Does the IMO reuse problems? My understanding is that new problems are submitted each year and 6 are selected for each competition. The submitted problems are then published after the IMO has concluded. How would the training data contain unpublished, newly submitted problems?

Obviously the training data contained similar problems, because that's what every IMO participant already studies. It seems unlikely that they had access to the same problems though.

IMO doesn't reuse problems, but Terence Tao has a Mastodon post where he explains that the first five (of six) problems are generally ones where existing techniques can be leveraged to get to the answer. The sixth problem requires considerable originality. Notably, both Gemini and OpenAI's model didn't get the sixth problem. Still quite an achievement though.
Do you have another source for that? I checked his Mastodon feed and don't see any mention about the source of the questions from the IMO.

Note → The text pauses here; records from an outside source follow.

Lemma size_orbit_union u : uniq u -> (forall x, x \in u = [exists i, x \in O i]) ->
  size u = (n * q)%N.
Proof.
move=> uniq_u mem_u.
have uniqO i : uniq (O i).
  by have [_ [sortO _ _ _]] := orbitO i; apply: (sorted_uniq lt_trans ltxx).
have perm_u : perm_eq u (flatten (map O (enum 'I_n))).
  apply: uniq_perm => //.
    exact: uniq_flatten_disjoint (enum_uniq _) uniqO (rot_orbit_disjoint q_gt1 copq orbO distO).
  move=> x; rewrite mem_u; apply/existsP/flatten_mapP => [[i xi] | [i _ xi]].
    by exists i; rewrite ?mem_enum.
  by exists i.
by rewrite (perm_size perm_u) (@size_flatten_const _ _ O _ q (fun i => (orbitO i).1)) size_enum_ord.
Qed.

Section FixedPermutation.
Variable s : {perm 'I_n}.

Local Notation w := (interlace 0 s (fun i => nth 0 (O i))).
Local Notation ws := (map w (iota 0 (n * q))).

Lemma nth_interlace m : (m < n * q)%N -> nth 0 ws m = w m.
Proof. by move=> lt_m; rewrite (nth_map 0%N) ?size_iota ?nth_iota. Qed.

Lemma interlace_in01 m : (m < n * q)%N -> 0 <= w m < 1.
Proof.
move=> /(radixP n_gt0) [i [k [lt_kq ->]]]; rewrite interlace_radix.
have [szO [_ in01 _ _]] := orbitO (s i).
by apply: (allP in01); rewrite mem_nth // szO.
Qed.

Lemma sigma_interlace m : (m < n * q)%N -> sigma d (w m) = w ((m + n * p) %% (n * q)).
Proof.
move=> /(radixP n_gt0) [i [k [lt_kq ->]]].
have [szO [_ _ _ rotO]] := orbitO (s i).
by rewrite -addnA -mulnDr modn_radix ?(ltnW q_gt1) // !interlace_radix rotO ?szO.
Qed.

Lemma interlace_inj m m' : (m < n * q)%N -> (m' < n * q)%N -> w m = w m' -> m = m'.
Proof.
move=> /(radixP n_gt0) [i [k [lt_kq ->]]] /(radixP n_gt0) [i' [k' [lt_kq' ->]]].
rewrite !interlace_radix => eq_w.
have [[szO [sortO _ _ _]] [szO' _]] := (orbitO (s i), orbitO (s i')).
have xi : nth 0 (O (s i)) k \in O (s i) by rewrite mem_nth // szO.
have xi' : nth 0 (O (s i)) k \in O (s i') by rewrite eq_w mem_nth // szO'.
have eq_i := perm_inj (rot_orbit_disjoint q_gt1 copq orbO distO xi xi'); subst i'.
move/eqP: eq_w; rewrite nth_uniq ?szO // => [/eqP -> //|].
exact: (sorted_uniq lt_trans ltxx).
Qed.

Lemma mem_interlace x : [exists i, x \in O i] = (x \in ws).
Proof.
apply/existsP/mapP => [[j xj] | [m]].
  have [szO _] := orbitO j.
  exists ((s^-1)%g j + n * index x (O j))%N; last by rewrite interlace_radix permKV nth_index.
  by rewrite mem_iota /= ltn_radix // -szO index_mem.
rewrite mem_iota /= => /(radixP n_gt0) [i [k [lt_kq ->]]] ->.
have [szO _] := orbitO (s i).
by exists (s i); rewrite interlace_radix mem_nth // szO.
Qed.

Lemma interlace_rep_seq_of m : (m < n * q)%N ->
  interlace 0 s (fun i => rep_seq_of d p q (O i)) m =
  if (n * q - n * p <= m)%N then Num.floor (d%:R * w m) - 1 else Num.floor (d%:R * w m).
Proof.
by move=> /(radixP n_gt0) [i [k [lt_kq ->]]]; rewrite !interlace_radix -mulnBr leq_radix.
Qed.

Lemma interlace_rep_seq_uniq c m : (forall i, rep_seq d p q (O i) (c i)) -> (m < n * q)%N ->
  interlace 0 s c m = interlace 0 s (fun i => rep_seq_of d p q (O i)) m.
Proof.
move=> rep_c /(radixP n_gt0) [i [k [lt_kq ->]]]; rewrite !interlace_radix.
exact: (rep_seq_uniq d_ge2 q_gt1 lt_pq copq).
Qed.

Lemma interlace_enum u : sorted <%R u -> (forall x, x \in u = [exists i, x \in O i]) ->
  sorted <%R ws -> u = ws.
Proof.
move=> sorted_u mem_u sorted_w.
by apply: (irr_sorted_eq lt_trans ltxx) => // x; rewrite mem_u mem_interlace.
Qed.
Lemma cmod_geom_expi_ub l p : p != 0 -> `|p| <= pi ->
  cmod (geom_expi l p) <= pi / `|p|.
Proof.
move=> p0 p_le_pi.
have pi_gt0 := pi_gt0 R; have p_gt0 : 0 < `|p| by rewrite normr_gt0.
have jordan : `|p| / pi <= `|sin (p / 2)|.
  have half_le_pi : `|p / 2| <= pi by rewrite normr_half; lra.
  rewrite -sin_norm // normr_half.
  have := @jordan_sin _ (`|p| / 2).
  by rewrite [2 * _]mulrC divfK ?pnatr_eq0 //; apply; rewrite divr_ge0 //=; lra.
have : cmod (geom_expi l p) * (`|p| / pi) <= 1.
  apply: le_trans (sin_max (p * l%:R / 2)).
  by rewrite -cmod_geom_expi_sin mulrC ler_wpM2r ?cmod_ge0.
by rewrite mulrA ler_pdivrMr // mul1r ler_pdivlMr.
Qed.

Lemma cmod_geom_expi_ge l p : l%:R * `|p| <= pi ->
  sin (l%:R * `|p| / 2) / (`|p| / 2) <= cmod (geom_expi l p).
Proof.
(* For [p = 0] the left-hand side is [_ / 0 = 0]. *)
have [->|p0] := eqVneq p 0.
  by move=> _; rewrite normr0 mul0r invr0 mulr0 cmod_ge0.
case: l => [|l] lp; first by rewrite !mul0r sin0 mul0r cmod_ge0.
have pi_gt0 := pi_gt0 R; have p_gt0 : 0 < `|p| by rewrite normr_gt0.
have p_le_lp : `|p| <= l.+1%:R * `|p| by rewrite ler_peMl // ler1n.
set h := `|p| / 2.
have h_gt0 : 0 < h by rewrite divr_gt0.
have norm_lp : `|p * l.+1%:R / 2| = l.+1%:R * `|p| / 2.
  by rewrite normr_half normrM normr_nat [`|p| * _]mulrC.
have sin_h : `|sin (p / 2)| = sin h by rewrite -sin_norm normr_half //; lra.
have sin_lh : `|sin (p * l.+1%:R / 2)| = sin (l.+1%:R * `|p| / 2).
  by rewrite -sin_norm norm_lp //; lra.
have sin_h_gt0 : 0 < sin h by rewrite sin_gt0_pi // h_gt0 /h; lra.
rewrite -sin_lh -cmod_geom_expi_sin sin_h ler_pdivrMr // [cmod _ * h]mulrC.
by rewrite ler_wpM2r ?cmod_ge0 ?sin_le_id ?ltW.
Qed.

Lemma cmod_geom_expi_ge_jordan l p : l%:R * `|p| <= pi ->
  2 * l%:R / pi <= cmod (geom_expi l p).
Proof.
move=> lp; have pi_gt0 := pi_gt0 R.
have [->|p0] := eqVneq p 0.
  rewrite geom_expi0 cmod_nat ler_pdivrMr // [2 * _]mulrC.
  by rewrite ler_wpM2l ?pi_ge2.
apply: le_trans (cmod_geom_expi_ge lp).
have -> : 2 * l%:R / pi = 2 * (l%:R * `|p| / 2) / pi / (`|p| / 2).
  (* [field] would unfold [pi], so it is abstracted first. *)
  by move: (pi : R) pi_gt0 => q q_gt0; field; rewrite normr_eq0 p0 gt_eqF.
apply: ler_wpM2r (jordan_sin _); first by rewrite invr_ge0 divr_ge0.
by rewrite divr_ge0 ?mulr_ge0 //=; lra.
Qed.

Lemma cmod_geom_expi_ge_sqrt l p : l%:R * `|p| <= pi ->
  l%:R * Num.sqrt (1 - (l%:R * p) ^+ 2 / 12) <= cmod (geom_expi l p).
Proof.
move=> lp; have [->|p0] := eqVneq p 0.
  by rewrite geom_expi0 cmod_nat mulr0 expr0n /= mul0r subr0 sqrtr1 mulr1.
apply: le_trans (cmod_geom_expi_ge lp).
have p_gt0 : 0 < `|p| by rewrite normr_gt0.
set B := l%:R * `|p| / 2.
have B_ge0 : 0 <= B by rewrite divr_ge0 ?mulr_ge0.
have B_le2 : B <= 2 by have := pihalf_lt2 R; rewrite /B; lra.
have -> : (l%:R * p) ^+ 2 / 12 = B ^+ 2 / 3.
  by rewrite /B exprMn -[p ^+ 2](real_normK (num_real p)); field.
have taylor : l%:R * (1 - B ^+ 2 / 6) <= sin B / (`|p| / 2).
  have -> : l%:R * (1 - B ^+ 2 / 6) = (B - B ^+ 3 / 6) / (`|p| / 2).
    by rewrite /B; field; rewrite normr_eq0.
  by rewrite ler_wpM2r ?invr_ge0 ?divr_ge0 ?sin_ge_taylor3.
apply: le_trans taylor; rewrite ler_wpM2l //.
have taylor_ge0 : 0 <= 1 - B ^+ 2 / 6 by rewrite expr2; nra.
rewrite -[X in _ <= X](ger0_norm taylor_ge0) -sqrtr_sqr ler_wsqrtr //; nra.
Qed.

End GeometricSum.

Section NearestInteger.
Variable R : realType.
Implicit Types (x u y : R) (m : nat).

Lemma normr_sub_nearest x : `|x - (nearest x)%:~R| <= 2^-1.
Proof.
have := floor_le (x + 2^-1); have := floorD1_gt (x + 2^-1).
rewrite -/(nearest x) intrD => lt_floor le_floor.
by rewrite ler_norml; apply/andP; split; lra.
Qed.

Lemma normr_sub_mul_nearest m y : (0 < m)%N ->
  `|y - m%:R * (nearest (y / m%:R))%:~R| <= m%:R / 2.
Proof.
move=> m_gt0; set k := nearest _.
have -> : y - m%:R * k%:~R = m%:R * (y / m%:R - k%:~R).
  by field; rewrite pnatr_eq0 -lt0n.
by rewrite normrM normr_nat ler_wpM2l // normr_sub_nearest.
Qed.

Lemma normr_mulz_ge m (j : int) : j != 0 -> m%:R <= `|m%:R * j%:~R| :> R.
Proof.
move=> j_neq0; rewrite normrM normr_nat ler_peMr //.
by rewrite norm_intr_ge1 ?intr_int ?intr_eq0.
Qed.

Lemma normr_le_addmz m u (j : int) : `|u| <= m%:R / 2 ->
  `|u| <= `|u + m%:R * j%:~R|.
Proof.
move=> le_u; have [->|/(normr_mulz_ge m) m_le] := eqVneq j 0.
  by rewrite mulr0 addr0.
have := ler_normB (u + m%:R * j%:~R) u; rewrite addrAC subrr add0r; lra.
Qed.

Lemma zdist_addmz m u (k : int) : `|u| <= m%:R / 2 ->
  zdist m (u + m%:R * k%:~R) = `|u|.
Proof.
move=> le_u; rewrite /zdist; set S := (X in inf X).
have lb_u : lbound S `|u|.
  move=> _ [z _ <-]; rewrite -addrA -mulrBr -intrB; exact: normr_le_addmz.
have u_in : S `|u| by exists k => //; rewrite addrK.
apply/le_anti/andP; split; first by apply: ge_inf u_in; exists `|u|.
by apply: lb_le_inf lb_u; exists `|u|.
Qed.

End NearestInteger.

Section TruncatedOneSparse.
Variable R : realType.
Local Notation C := R[i].

Lemma dft_truncated_char (m n l alpha beta : nat) (a : C) (f : nat -> C) :
  (0 < m)%N -> (0 < n)%N -> (l <= m)%N ->
  (forall x, (x < l)%N -> f x = a * chi R n alpha x) ->
  dft m (fun x => if (x < l)%N then f x else 0) beta =
  ((m%:R : R)^-1)%:C%C * a
  * geom_expi l (2 * pi * (m%:R / n%:R * alpha%:R - beta%:R) / m%:R).
Proof.
move=> m_gt0 n_gt0 lm f_char; rewrite /dft /geom_expi -[RHS]mulrA; congr (_ * _).
rewrite mulr_sumr (big_ord_widen _ (fun x : nat => a * expi (_ * x%:R)) lm).
rewrite [RHS]big_mkcond; apply: eq_bigr => x _.
case: ifP => [xl|_]; last by rewrite mul0r.
rewrite f_char // /chi -mulrA -expiD; congr (_ * expi _).
by move: (pi : R) => q; field; rewrite !pnatr_eq0 -!lt0n m_gt0 n_gt0.
Qed.

Lemma geom_expi_phase_periodic l (m : nat) (y : R) (k : int) : (0 < m)%N ->
  geom_expi l (2 * pi * (y + m%:R * k%:~R) / m%:R)
  = geom_expi l (2 * pi * y / m%:R).
Proof.
move=> m_gt0; rewrite -[RHS](geom_expi_periodic _ _ k); congr geom_expi.
by move: (pi : R) => q; field; rewrite pnatr_eq0 -lt0n.
Qed.

Lemma normr_phase (m : nat) (u : R) :
  `|2 * pi * u / m%:R| = 2 * pi * `|u| / m%:R.
Proof.
by rewrite !normrM normfV !normr_nat (ger0_norm (pi_ge0 R)).
Qed.

Section OneSparse.
Variables (m n alpha : nat) (f : nat -> C).
Hypotheses (m_gt0 : (0 < m)%N) (alpha_lt_n : (alpha < n)%N)
  (f_sparse : forall x, (x < n)%N -> f x = dft n f alpha * chi R n alpha x).

Local Notation l := (minn n m).
Local Notation g := (fun x : nat => if (x < l)%N then f x else 0).
Local Notation c := (cmod (dft n f alpha)).
Local Notation t := (m%:R / n%:R * alpha%:R : R).

Let n_gt0 : (0 < n)%N. Proof. exact: leq_ltn_trans alpha_lt_n. Qed.
Let M_gt0 : 0 < m%:R :> R. Proof. by rewrite ltr0n. Qed.

Let normr_t_subn_lt beta : (beta < m)%N -> `|t - beta%:R| < m%:R.
Proof.
move=> beta_lt_m; have t_ge0 : 0 <= t by rewrite mulr_ge0 ?divr_ge0.
have t_lt_m : t < m%:R.
  by rewrite mulrAC ltr_pdivrMr ?ltr0n // ltr_pM2l // ltr_nat.
rewrite ltr_distl (lt_le_trans _ t_ge0) ?subr_lt0 ?ltr_nat //=.
by rewrite (lt_le_trans t_lt_m) // lerDr.
Qed.
Lemma convex_pos_chord (u v w : R) : 0 < u -> u < v -> v < w ->
  (w - u) * h v <= (w - v) * h u + (v - u) * h w.
Proof.
move=> u0 uv vw; pose t := (w - v) / (w - u).
have t01 : 0 <= t <= 1 by rewrite /t divr_ge0 ?ler_pdivrMr /=; lra.
have := convex_h (t := t) u0 (lt_trans u0 (lt_trans uv vw)) t01.
have -> : t * u + (1 - t) * w = v by rewrite /t; field; lra.
have -> : t * h u + (1 - t) * h w = ((w - v) * h u + (v - u) * h w) / (w - u).
  by rewrite /t; field; lra.
by rewrite ler_pdivlMr 1?mulrC //; lra.
Qed.

Lemma convex_pos_le_line (a b u v w : R) : 0 < u -> u < v -> v < w ->
  h u - (a * u + b) <= h v - (a * v + b) -> h w <= a * w + b ->
  h v <= a * v + b.
Proof.
move=> u0 uv vw huv hw; have := convex_pos_chord u0 uv vw; nra.
Qed.

Lemma convex_pos_le_line_left (a b u v : R) : 0 < u -> u < v ->
  (forall y, u < y < v -> h y = a * y + b) -> h u <= a * u + b.
Proof.
move=> u0 uv hL; rewrite leNgt; apply/negP => hu.
set d := h u - (a * u + b).
set K := `|h (u / 2) - (a * (u / 2) + b)|.
have d0 : 0 < d by rewrite /d; lra.
have K0 : 0 <= K := normr_ge0 _.
pose s := Num.min ((v - u) / 2) (u * d / (2 * (K + 1))).
have s0 : 0 < s by rewrite lt_min !divr_gt0 ?mulr_gt0 //; lra.
have sv : s <= (v - u) / 2 by rewrite ge_min lexx.
have sK : s * (2 * (K + 1)) <= u * d.
  rewrite -ler_pdivlMr; last lra.
  by rewrite ge_min lexx orbT.
have [y0 yv] : u < u + s /\ u + s < v by lra.
have chord : (u + s - u / 2) * h u <=
    (u + s - u) * h (u / 2) + (u - u / 2) * h (u + s).
  by apply: convex_pos_chord; lra.
rewrite (hL (u + s)) ?y0 ?yv // -[h u](subrK (a * u + b)) -/d in chord.
have := ler_norm (h (u / 2) - (a * (u / 2) + b)); rewrite -/K; nra.
Qed.
Lemma spanner_scale_edge n th0 eps (E : rel 'I_n) K (u v : 'I_n) :
  (2 <= n)%N -> 0 <= eps <= 1 / (2 * ln (INR n)) ->
  is_spanner (equi_pt (3 * ln (INR n)) th0) E (2 + eps) ->
  1 <= K -> 2 * K <= INR n -> gap th0 u v = versin (2 * PI * K / INR n) ->
  exists x z, (x = u \/ x = v) /\ adj E x z /\
    1 / 2 * (K / INR n) ^ 2 <= gap th0 x z <= 1568 * (K / INR n) ^ 2.
Proof.
move=> n_ge2 eps_bd span K_ge1 K_le Y_eq.
have N_ge2 := INR_ge2 n_ge2.
have [Y_lo Y_hi] := versin_scale K_ge1 K_le; rewrite -Y_eq in Y_lo Y_hi.
have r_ge : 1 / INR n <= K / INR n by rewrite /Rdiv; have := Rinv_0_lt_compat (INR n); nra.
have Y_ge : 2 / INR n ^ 2 <= gap th0 u v.
  apply: Rle_trans Y_lo; rewrite (_ : 2 / INR n ^ 2 = 2 * (1 / INR n) ^ 2); last by field; lra.
  have : 0 <= 1 / INR n by apply/Rlt_le/Rdiv_lt_0_compat; lra.
  by move=> ?; have := pow_incr (1 / INR n) (K / INR n) 2; lra.
have uv : u != v.
  apply/eqP => euv; move: Y_ge; rewrite euv gap_id.
  have : 0 < 2 / INR n ^ 2 by apply: Rdiv_lt_0_compat; [lra | apply: pow_lt; lra].
  lra.
set pt := @equi_pt n (3 * ln (INR n)) th0.
have [s [us_path [us_last us_len]]] := span u v.
have L_le a b : a != b -> ln (3.9 * INR n ^ 4) <= hdist (pt a) (pt b).
  by move=> ab; rewrite hdist_equi_pt; apply: circ_dist_ge => //; apply: gap_neq_ge.
have pt_refl x : hdist (pt x) (pt x) = 0 by rewrite hdist_equi_pt gap_id circ_dist_0.
have L_ge0 : 0 <= ln (3.9 * INR n ^ 4).
  by rewrite -ln_1; apply: ln_le_ln; [lra | have := pow_ge_2pow 4 N_ge2; rewrite /=; lra].
have short : walk_len pt u s < 3 * ln (3.9 * INR n ^ 4).
  apply: Rle_lt_trans us_len _; rewrite hdist_equi_pt.
  exact: three_hops_too_long (gap_bounds th0 u v) eps_bd.
case: (short_walk_hops pt_refl L_ge0 uv L_le us_path us_last short) => [uv_adj|[a [ua av hops]]].
  by exists u, v; split; [left | split=> //; lra].
rewrite !hdist_equi_pt in hops; have {hops} := Rle_trans _ _ _ hops us_len.
rewrite hdist_equi_pt => /(two_hop_gap_scale n_ge2 eps_bd Y_ge) [ya_bd|yb_bd].
  by exists u, a; split; [left | split=> //; lra].
by exists v, a; split; [right | rewrite adjC gapC; split=> //; lra].
Qed.

(** * Counting over the scales *)

(* The constants come from [versin_scale] and [larger_hop_scale] ([1568 = 32 * 49], [1/2 = 2/4]);
   their ratio [3136 < 64^2] makes the windows of the scales [64^j] disjoint. *)
Definition scale_window n th0 (K : nat) : rel 'I_n := fun x z =>
  Rle_dec (1 / 2 * (INR K / INR n) ^ 2) (gap th0 x z) &&
  Rle_dec (gap th0 x z) (1568 * (INR K / INR n) ^ 2).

https://mathstodon.xyz/@tao

strange statement--it's not true in general for sure (3&6 typically hardest but they certainly aren't fundamentally of a different nature to other questions) this year P6 seemed to be by far the hardest though but this posthoc statement should be read cautiously
>How would the training data contain unpublished, newly submitted problems?

I don't think I or op suggested it did.

Or that they did significant retraining to boost IMO performance creating a more specialized model at the cost of general-purpose performance.